- Your task
All that is needed is every line of the listing below that has "apply".

- Entries shown
+--

Lemma cubic_chain_alternative (F : numFieldType) d (u v w : nat -> {poly F}) :
  cubic_chain d u v w -> (size (u 0%N) <= 1)%N ->
  (forall n, [/\ u n = 0, v n = 0 & w n = 0]) \/
  exists k, [/\ forall n, size (u (n + k)%N) = n.+1,
                forall n, size (v (n + k)%N) = n.+1
              & forall n, size (w (n + k)%N) = n.+1].
Proof.
move=> chain u0_const.
have v_u n i : ((v n)`_i == 0) = ((u n)`_i == 0).
  by have [e _ _] := chain n i; apply: proportional_eq0 e; rewrite pnatr_eq0; lia.
have w_u n i : ((w n)`_i == 0) = ((u n)`_i == 0).
  have [_ e _] := chain n i.
  by rewrite -v_u; apply: proportional_eq0 e; rewrite pnatr_eq0; lia.
have size_v n : size (v n) = size (u n) by apply: size_eq_coef_eq0.
have size_w n : size (w n) = size (u n) by apply: size_eq_coef_eq0.
have u_shift n i : ((u n.+1)`_i.+1 == 0) = ((u n)`_i == 0).
  have [_ _ e] := chain n i.
  by rewrite -w_u; symmetry; apply: proportional_eq0 e; rewrite pnatr_eq0; lia.
have [u_zero|[k size_u]] := diagonal_shift_alternative u_shift u0_const.
- left=> n; split; rewrite ?u_zero //; apply/eqP;
  by rewrite -size_poly_eq0 ?size_v ?size_w u_zero size_poly0.
- by right; exists k; split=> n; rewrite ?size_v ?size_w.
Qed.

Section ClosedForms.

Variable C : numClosedFieldType.

Lemma poch0 (a : C) : poch a 0 = 1.
Proof. by rewrite /poch big_ord0. Qed.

+--

- Exercise output
  by have [e _ _] := chain n i; apply: proportional_eq0 e; rewrite pnatr_eq0; lia.
  by rewrite -v_u; apply: proportional_eq0 e; rewrite pnatr_eq0; lia.
have size_v n : size (v n) = size (u n) by apply: size_eq_coef_eq0.
have size_w n : size (w n) = size (u n) by apply: size_eq_coef_eq0.
  by rewrite -w_u; symmetry; apply: proportional_eq0 e; rewrite pnatr_eq0; lia.
- left=> n; split; rewrite ?u_zero //; apply/eqP;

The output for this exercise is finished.